Closed burodepeper closed 5 years ago
Doing some research into how we can get at these data David. I don't currently have an approach for this but we should be able to come up with something. Assuming that you want to examine multiple programming language types?
Maybe it is as simple as:
const input = "echo 'Hello world!';"
const pairs = []
const words = input.split(" ")
words.forEach(word => {
const numberOfPairs = word.length - 1
for (position = 0; position < numberOfPairs; position++) {
const pair = word.substring(position, position + 1)
if (pairs[pair] === undefined) pairs[pair] = 0
pairs[pair]++
}
})
const alphanumericPairs = []
for (const key in pairs) {
if (key.match(/^[a-zA-Z0-9]+$/)) {
const value = pairs[key]
alphanumericPairs[key] = value
}
}
You can make that comment more than hypothetical by trying it :) does it work?
Current approach with regex that I am using to tokenize skips the second letter of each pair as starting character of next pair sequence. I think regex is going to be the way to go though...
👍 glad to be of help :)
I figured you wanted to write one of your fancy Python scripts for it ; )
NLTK will be good to look at frequencies of "words" in the source.
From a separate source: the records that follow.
Definition gamma_st (p : R -> 'rV[R]_d -> R -> R) (b rho : R) (m : 'rV[R]_d) (E : R) : R :=
  1 + p rho m E * (1 - b * rho) / (rho * e_int rho m E).

Definition unitv (c : 'rV[R]_d) : 'rV[R]_d := (normv c)^-1 *: c.

Definition calE (rho : R) (M : 'rV[R]_d) (E : R) (n : 'rV[R]_d) : R :=
  E - (normv (M - dotv M n *: n)) ^+ 2 / (2 * rho).

End Defs.

(* States (rho, m, calE, Gamma) of the one-dimensional extended Riemann problem *)
Record st1 (R : Type) := St1 { s_rho : R; s_m : R; s_E : R; s_G : R }.

Section OneD.
Variable (R : realType).
Implicit Types (s : st1 R) (b sigma : R).

Definition rhoe1 s : R := s_E s - (s_m s) ^+ 2 / (2 * s_rho s).

Definition inB1 b s : Prop :=
  [/\ 0 < s_rho s, 0 < 1 - b * s_rho s & 0 < rhoe1 s].

Definition pcov b s : R :=
  (s_G s / s_rho s - 1) / (1 - b * s_rho s) * rhoe1 s.

Definition flux_rho s : R := s_m s.
Definition flux_m b s : R := (s_m s) ^+ 2 / s_rho s + pcov b s.
Definition flux_E b s : R := s_m s / s_rho s * (s_E s + pcov b s).
Definition flux_G s : R := s_m s / s_rho s * s_G s.

Definition RH b (sl sr : st1 R) sigma : Prop :=
  [/\ flux_rho sr - flux_rho sl = sigma * (s_rho sr - s_rho sl),
      flux_m b sr - flux_m b sl = sigma * (s_m sr - s_m sl),
      flux_E b sr - flux_E b sl = sigma * (s_E sr - s_E sl) &
      flux_G sr - flux_G sl = sigma * (s_G sr - s_G sl)].

(* velocity and sound speed of the covolume EOS with gamma = Gamma/rho:
   c^2 = gamma p_cov / (rho (1 - b rho)); eigenvalues u - c, u, u, u + c *)
Definition vel1 s : R := s_m s / s_rho s.
Definition sound1 b s : R :=
  Num.sqrt (s_G s / s_rho s * pcov b s / (s_rho s * (1 - b * s_rho s))).
Definition lam1 b s : R := vel1 s - sound1 b s.
Definition lam3 b s : R := vel1 s + sound1 b s.

Definition lax1 b (sl sr : st1 R) sigma : Prop :=
  [/\ lam1 b sr < sigma, sigma < lam1 b sl & sigma < vel1 sr].

Definition lax3 b (sl sr : st1 R) sigma : Prop :=
  [/\ lam3 b sr < sigma, sigma < lam3 b sl & vel1 sl < sigma].

Definition Psi1 b (Smin g : R) s : R :=
  rhoe1 s - Smin * (s_rho s `^ g) * ((1 - b * s_rho s) `^ (1 - g)).

End OneD.

From HB Require Import structures.
From mathcomp Require Import all_boot all_order all_algebra.
From mathcomp Require Import all_classical all_reals all_analysis.
From mathcomp Require Import ring lra.
Import Order.TTheory GRing.Theory Num.Theory.
Set Implicit Arguments. Unset Strict Implicit. Unset Printing Implicit Defensive.
Local Open Scope ring_scope.
(* Let $n=p$, $X=I_n$, and let $\lambda=\lambda_n>0$ satisfy $\sqrt n/\lambda_n\to\infty$. Then there exists $\delta>0$ such that, as $n\to\infty$, \[ \mathbb E_{\beta^0=0}\,\Pi^{\mathrm{LASSO}}_{\lambda_n}\Big(\beta:\|\beta\|_2\le\delta\sqrt n\Big(\frac1{\lambda_n}\wedge1\Big)\ \Big|\ Y\Big)\to0. \]
   Context: Sequence model: $Y=\beta+\varepsilon$ with $\beta\in\mathbb R^n$ and $\varepsilon\sim N_n(0,I_n)$; $\mathbb E_{\beta^0=0}$ denotes expectation when $Y\sim N_n(0,I_n)$. $\Pi^{\mathrm{LASSO}}_\lambda(\cdot\mid Y)$ is the posterior distribution for the prior under which $\beta_1,\dots,\beta_n$ are i.i.d. with Laplace density $x\mapsto\frac\lambda2e^{-\lambda|x|}$, i.e. $\Pi^{\mathrm{LASSO}}_\lambda(B\mid Y)\propto\int_Be^{-\|Y-\beta\|_2^2/2-\lambda\|\beta\|_1}d\beta$ (whose mode is the LASSO estimator). *)

From HB Require Import structures.
From mathcomp Require Import all_boot all_order all_algebra.
From mathcomp Require Import all_classical all_reals all_analysis.
Set Implicit Arguments. Unset Strict Implicit. Unset Printing Implicit Defensive.
Import Order.TTheory GRing.Theory Num.Theory.
Import numFieldNormedType.Exports.
Local Open Scope ring_scope.

Section Defs.
Variable R : realType.

Definition norm2 n (b : 'rV[R]_n) : R := Num.sqrt (\sum_(i < n) b 0 i ^+ 2).
Definition norm1 n (b : 'rV[R]_n) : R := \sum_(i < n) `|b 0 i|.

(* Lebesgue integral over R^n of a nonnegative extended-real function,
   computed as the iterated one-dimensional Lebesgue integral
   (equal to the integral w.r.t. n-dim Lebesgue measure by Tonelli). *)
Fixpoint intRn (n : nat) : ('rV[R]_n -> \bar R) -> \bar R :=
  match n with
  | 0 => fun f => f 0
  | m.+1 => fun f =>
      (\int[@lebesgue_measure R]_x intRn (fun v : 'rV[R]_m =>
           f (row_mx (\row_(i < 1) x) v)))%E
  end.

(* unnormalised LASSO posterior density (Gaussian likelihood x Laplace prior) *)
Definition lasso_kernel n (lam : R) (Y b : 'rV[R]_n) : R :=
  expR (- (norm2 (Y - b)) ^+ 2 / 2 - lam * norm1 b).
Lemma ipNl x z : ip (- x) z = - ip x z.
Proof. by rewrite -scaleN1r ipZl mulN1r. Qed.
Lemma ipBl x y z : ip (x - y) z = ip x z - ip y z.
Proof. by rewrite ipDl ipNl. Qed.
Lemma ipDr x y z : ip z (x + y) = ip z x + ip z y.
Proof. by rewrite ipC ipDl ![ip _ z]ipC. Qed.
Lemma ipZr a x z : ip z (a *: x) = a * ip z x.
Proof. by rewrite ipC ipZl ipC. Qed.
Lemma ipNr x z : ip z (- x) = - ip z x.
Proof. by rewrite ipC ipNl ipC. Qed.
Lemma ipBr x y z : ip z (x - y) = ip z x - ip z y.
Proof. by rewrite ipDr ipNr. Qed.

Lemma normD2 x y : `|x + y| ^+ 2 = `|x| ^+ 2 + 2 * ip x y + `|y| ^+ 2.
Proof. by rewrite -!ipxx ipDl !ipDr [ip y x]ipC; ring. Qed.
Lemma normB2 x y : `|x - y| ^+ 2 = `|x| ^+ 2 - 2 * ip x y + `|y| ^+ 2.
Proof. by rewrite normD2 ipNr normrN; ring. Qed.

(* Cauchy-Schwarz (one-sided), from the triangle inequality. *)
Lemma cauchy_schwarz x y : ip x y <= `|x| * `|y|.
Proof.
have h2 : `|x + y| ^+ 2 <= (`|x| + `|y|) ^+ 2.
  by rewrite ler_sqr_nneg ?addr_ge0 // ler_normD.
rewrite normD2 in h2; nra.
Qed.

Lemma normD2_le x y : `|x + y| ^+ 2 <= `|y| ^+ 2 + 2 * ip x (x + y).
Proof. rewrite normD2 ipDr ipxx; have := sqr_ge0 `|x|; lra. Qed.

Lemma ip_shift_le a b d : ip (a + d) (b + d) <= ip a b + `|d| * (`|a| + `|b| + `|d|).
Proof.
rewrite ipDl !ipDr ipxx; have := cauchy_schwarz a d; have := cauchy_schwarz d b.
rewrite !expr2; nra.
Qed.

End InnerProduct.

Lemma convex_comb (R : realType) (H : completeNormedModType R) (D : set H)
    x y (s : R) : convex_set D -> D x -> D y -> 0 <= s <= 1 ->
  D (s *: x + (1 - s) *: y).
Proof.
move=> cD Dx Dy /andP[s0 s1].
by have := cD x y (Itv01 s0 s1) (mem_set Dx) (mem_set Dy); rewrite inE.
Qed.

Lemma conv_subr (R : pzRingType) (H : lmodType R) (a b p : H) (s : R) :
  s *: a + (1 - s) *: b - p = s *: (a - p) + (1 - s) *: (b - p).
Proof. by rewrite !scalerBr addrACA -opprD -scalerDl [s + _]addrC subrK scale1r. Qed.

Lemma conv_subl (R : pzRingType) (H : lmodType R) (y c p : H) (s : R) :
  y - (s *: c + (1 - s) *: p) = (y - p) - s *: (c - p).
Proof. by rewrite -(subrKA p y) -[p - (_ + _)]opprB conv_subr subrr scaler0 addr0. Qed.

Lemma conv_sub_conv (R : pzRingType) (H : lmodType R) (a b c : H) (s t : R) :
  (s *: a + (1 - s) *: b) - (t *: a + (1 - t) *: c) =
  (s - t) *: (a - c) + (1 - s) *: (b - c).
Proof.
rewrite !scalerBr !scalerBl !scale1r opprD !opprB [RHS]addrACA subrKA addrA.
by rewrite [s *: a + _ - _]addrAC.
Qed.

Section MetricProjection.
Variables (R : realType) (H : completeNormedModType R) (ip : H -> H -> R).
Hypothesis hI : hilbert_inner ip.
Variables (S : set H) (cS : convex_set S).

Lemma proj_variational y p c : is_metric_proj S y p -> S c ->
  ip (y - p) (c - p) <= 0.
Proof.
move=> [Sp hp] Sc; set a := ip (y - p) (c - p); set K := `|c - p| ^+ 2.
have K0 : 0 <= K by rewrite /K exprn_ge0.
(* moving p towards c by s in ]0,1] cannot decrease the distance to y *)
have key s : 0 < s -> s <= 1 -> 2 * a <= s * K.
  move=> s0 s1; have s01 : 0 <= s <= 1 by rewrite (ltW s0) s1.
  have h := hp _ (convex_comb cS Sc Sp s01).
  rewrite conv_subl -ler_sqr_nneg // [in leRHS](normB2 hI) (ipZr hI) normrZ in h.
  by move: h; rewrite gtr0_norm // exprMn -/a -/K; nra.
have [//|a0] := leP a 0.
have Ka : 0 < K + a by lra.
have s0 : 0 < a / (K + a) by rewrite divr_gt0.
have s1 : a / (K + a) <= 1 by rewrite ler_pdivrMr // mul1r; lra.
have sKa : a / (K + a) * (K + a) = a by rewrite mulfVK // gt_eqF.
have := key _ s0 s1; nra.
Qed.

(* Metric projections onto convex sets are firmly, hence plainly,
   nonexpansive. *)
Lemma proj_nonexp x y p q : is_metric_proj S x p -> is_metric_proj S y q ->
  `|p - q| <= `|x - y|.
Proof.
move=> hp hq.
have h1 := proj_variational hp hq.1; have h2 := proj_variational hq hp.1.
have firm : `|p - q| ^+ 2 <= ip (x - y) (p - q).
  move: h1 h2; rewrite -(ipxx hI) !(ipBl hI) !(ipBr hI) ![ip q p](ipC hI); lra.
have := cauchy_schwarz hI (x - y) (p - q).
have := normr_ge0 (p - q); have := normr_ge0 (x - y); nra.
Qed.
(* Sequent calculi GCE, GCM, GCEN, GCMN, GCMC, GCK (cut-free, G3cp +
   weakening + conditional rules). Sequents are pairs of lists; the rule
   [g_perm] makes them multisets. *)
Inductive GD (L : logic) : list form -> list form -> Prop :=
| g_perm : forall G D G' D', GD L G D -> Permutation G G' -> Permutation D D' ->
    GD L G' D'
| g_ax : forall G D p, GD L (Atom p :: G) (Atom p :: D)
| g_bot : forall G D, GD L (Bot :: G) D
| g_Land : forall G D a b, GD L (a :: b :: G) D -> GD L (And a b :: G) D
| g_Rand : forall G D a b, GD L G (a :: D) -> GD L G (b :: D) ->
    GD L G (And a b :: D)
| g_Lor : forall G D a b, GD L (a :: G) D -> GD L (b :: G) D ->
    GD L (Or a b :: G) D
| g_Ror : forall G D a b, GD L G (a :: b :: D) -> GD L G (Or a b :: D)
| g_Limp : forall G D a b, GD L G (a :: D) -> GD L (b :: G) D ->
    GD L (Imp a b :: G) D
| g_Rimp : forall G D a b, GD L (a :: G) (b :: D) -> GD L G (Imp a b :: D)
| g_WL : forall G D a, GD L G D -> GD L (a :: G) D
| g_WR : forall G D a, GD L G D -> GD L G (a :: D)
| g_CE : forall a0 a1 b0 b1, ruleCE L ->
    GD L [a0] [a1] -> GD L [a1] [a0] -> GD L [b0] [b1] -> GD L [b1] [b0] ->
    GD L [Cond a1 b1] [Cond a0 b0]
| g_CM : forall a0 a1 b0 b1, ruleCM L ->
    GD L [a0] [a1] -> GD L [a1] [a0] -> GD L [b1] [b0] ->
    GD L [Cond a1 b1] [Cond a0 b0]
| g_CMC : forall (ps : list (form * form)) a0 b0, ruleCMC L ->
    ps <> [] ->
    (forall p, In p ps -> GD L [a0] [fst p]) ->
    (forall p, In p ps -> GD L [fst p] [a0]) ->
    GD L (map snd ps) [b0] ->
    GD L (map (fun p => Cond (fst p) (snd p)) ps) [Cond a0 b0]
| g_CN : forall a0 b0, ruleCN L -> GD L [] [b0] -> GD L [] [Cond a0 b0].
(* r is a k-rounding of w: r = w v with |r| the least multiple of k that is >= |w| *)
Definition krounding (k : nat) (w r : seq bool) : Prop :=
  exists v, r = w ++ v /\ size r = (k * ((size w + k.-1) %/ k))%N.

Definition strongly_erasing (k : nat) (sigma : k.-tuple bool -> seq bool) : Prop :=
  forall w : seq bool, exists rs : seq (seq bool),
    [/\ rs != [::],
        krounding k w (head [::] rs),
        (forall j, (0 < j < size rs)%N ->
            krounding k (sigma_fin sigma (nth [::] rs j.-1)) (nth [::] rs j))
      & sigma_fin sigma (last [::] rs) = [::]].

Definition optimal (k : nat) (sigma : k.-tuple bool -> seq bool) : Prop :=
  forall w : nat -> bool, exists b : nat -> k.-tuple bool,
    (forall i, sigma (b i) <> [::]) /\
    (forall n, let p := flatten [seq sigma (b i) | i <- iota 0 n] in
               p = mkseq w (size p)).

From Pilot Require Import Defs.
From HB Require Import structures.
From Stdlib Require Import ClassicalEpsilon.
From mathcomp Require Import all_boot all_order all_algebra.
From mathcomp Require Import all_classical all_reals all_analysis.
From mathcomp Require Import zify lra.
Import Order.TTheory GRing.Theory Num.Theory numFieldNormedType.Exports.
Set Implicit Arguments. Unset Strict Implicit. Unset Printing Implicit Defensive.

(* The proof works with infinite binary words.  [sigma_inf w] is the word
   sigma(b_1) sigma(b_2) ... built from the k-blocks of w; on the value x = 0.w
   of a word w such that neither w nor sigma_inf w ends in 0^oo, f_sigma is
   x |-> 0.(sigma_inf w) (f_sigma_ival).
   1. Optimality makes sigma_inf surjective, and strong erasure lets every
      finite word u be continued into a word whose sigma_inf-orbit reaches any
      prescribed word (erasing_extension).
   2. sigma_inf preserves eventual periodicity.  Aiming at t followed by the
      indicator of the powers of 2, which is not eventually periodic, gives the
      extension lemma: u continues to u q such that some iterated image of u q
      starts with t and the first i images of u q contain i ones each.
   3. Iterating the extension lemma over an enumeration of all finite words,
      with a free bit c_i inserted at each stage, yields words X(c, u0)
      starting with u0 whose orbits visit every cylinder and never end in
      0^oo; c |-> X(c, u0) is injective.
   4. Hence the values 0.X(c, u0) have dense orbits.  They form an
      uncountable set (Cantor's diagonal argument, c ranging over {0,1}^N)
      which is dense in [0, 1] (u0 ranging over binary expansions). *)

Implicit Types (w y : nat -> bool) (s t u : seq bool).

Lemma nth_prefix s t m : prefix s t -> m < size s ->
  nth false t m = nth false s m.
Proof. by move=> /prefixP[x ->] hm; rewrite nth_cat hm. Qed.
It may be helpful to break that analysis down further by frequencies of commonly used source code word tokens so that you know where those will be positioned in the source.
Worth adding tokenizer style scripts like yours above to this repo so that they are available for future use?
That can be done in the same loop, basically. I'll PR in a little script. It will be Javascript though. Can you live with that?
Yeah, any language is fine so long as we can provide instructions on how to execute it. Feel free to add any node or other language scripts that you like. Believe that you should have write access here. Feel free to commit them.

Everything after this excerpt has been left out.